The most powerful tool at a marketer’s disposal, which incorporates other tools like CRM software, automation, email and analytics software, is the landing page.
What is a ‘landing page’?
A campaign landing page is a web page designed purely for conversion. It deploys persuasive techniques like social proof, rarity and benefit-oriented copy to convince a visitor to engage with a very specific action. These specific actions vary, but could be to sign up for an email list, register to take part in a webinar, or download something.
Using landing pages
The vast majority of marketers will tell you their primary goal for content creation is to generate leads, so landing pages which feature lead-gen forms are not to be overlooked. They can be used to drive actions with every content marketing strategy businesses in the services industry use, including:
Blog posts
You can use a call-to-action at the end of a blog post to direct readers to a landing page whereby they can claim some content that relates to what they have been reading.
e-Newsletters
A landing page designed to capture email addresses will explain why users should leave their email (to receive updates, etc.) Can you offer valuable investment tips? Can you teach good money management?
Social media content
Both organic and paid social media techniques can be employed to drive traffic to a landing page offering content that the visitor will want.
Videos
A video on your landing page can boost lead generation through gates, pop-out calls-to-action and YouTube annotations. Or your video can explain your service in a visual way.
Webinars
Webinars have become an effective way to engage online audiences, and you can use a landing page to get visitors to register.
Events
An event landing page will describe what a customer can learn at your conference, for example, and you could name-drop any noteworthy guests or authorities involved.

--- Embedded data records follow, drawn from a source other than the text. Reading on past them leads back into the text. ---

Lemma kp_frame (x y : R -> R) (r0 : R * R) (t : R) : vel x y t <> (0, 0) ->
  kp x y r0 t = frame_kp (pt x y t) r0 (vel x y t) (acc x y t).
Proof.
intros Hv. pose proof (vel_nonzero_dot x y t Hv) as Hs. pose proof (speed_sq x y t) as Hsp.
assert (Hv0 : speed x y t <> 0) by (intro E; apply Hs; rewrite <- Hsp, E; ring).
destruct r0 as [rx ry].
unfold frame_kp; cbv zeta.
set (n := rot90 _); set (d := vsub _ (rx, ry)); set (K := cross _ _).
set (P := 2 * K * _ + _); set (D := _ - dot (rx, ry) (vel x y t) ^ 2).
transitivity ((- K * P / dot (vel x y t) (vel x y t) ^ 4) / (D / dot (vel x y t) (vel x y t))).
- unfold kp, curvature, tangent, normal, P, D, K, n, d; cbv zeta; rewrite <- Hsp.
  unfold pt, vel, acc, rot90, vsub, dot, cross; cbn [fst snd].
  f_equal; field; exact Hv0.
- destruct (Req_dec D 0) as [HD|HD].
  + rewrite HD; unfold Rdiv; rewrite !Rmult_0_l, !Rmult_0_r, Rinv_0; ring.
  + field; auto.
Qed.

(* auto_derive produces eta-expanded derivatives; this rewrites them away. *)
Lemma Derive_eta (f : R -> R) (t l : R) : is_derive f t l -> Derive (fun u => f u) t = l.
Proof. apply is_derive_unique. Qed.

A landing page doesn’t necessarily have to promote content. You could also use a landing page to offer services such as:
Offering a quote
Opening an account
Submitting an application
Personalisation is emerging as a key component of successful marketing and with well-constructed landing pages you can reach the right people at the right time. The only way to determine how to put that message across is through an ongoing testing process. You can test short- and long-form approaches, embedded videos or infographics, clickthrough pages or lead-capturing ones…
Test an approach, then optimise based on the results before re-testing. Just don’t ignore the importance of landing pages for marketing in the financial and legal services sectors – digital marketing is absolutely essential, and landing pages are a key component of that.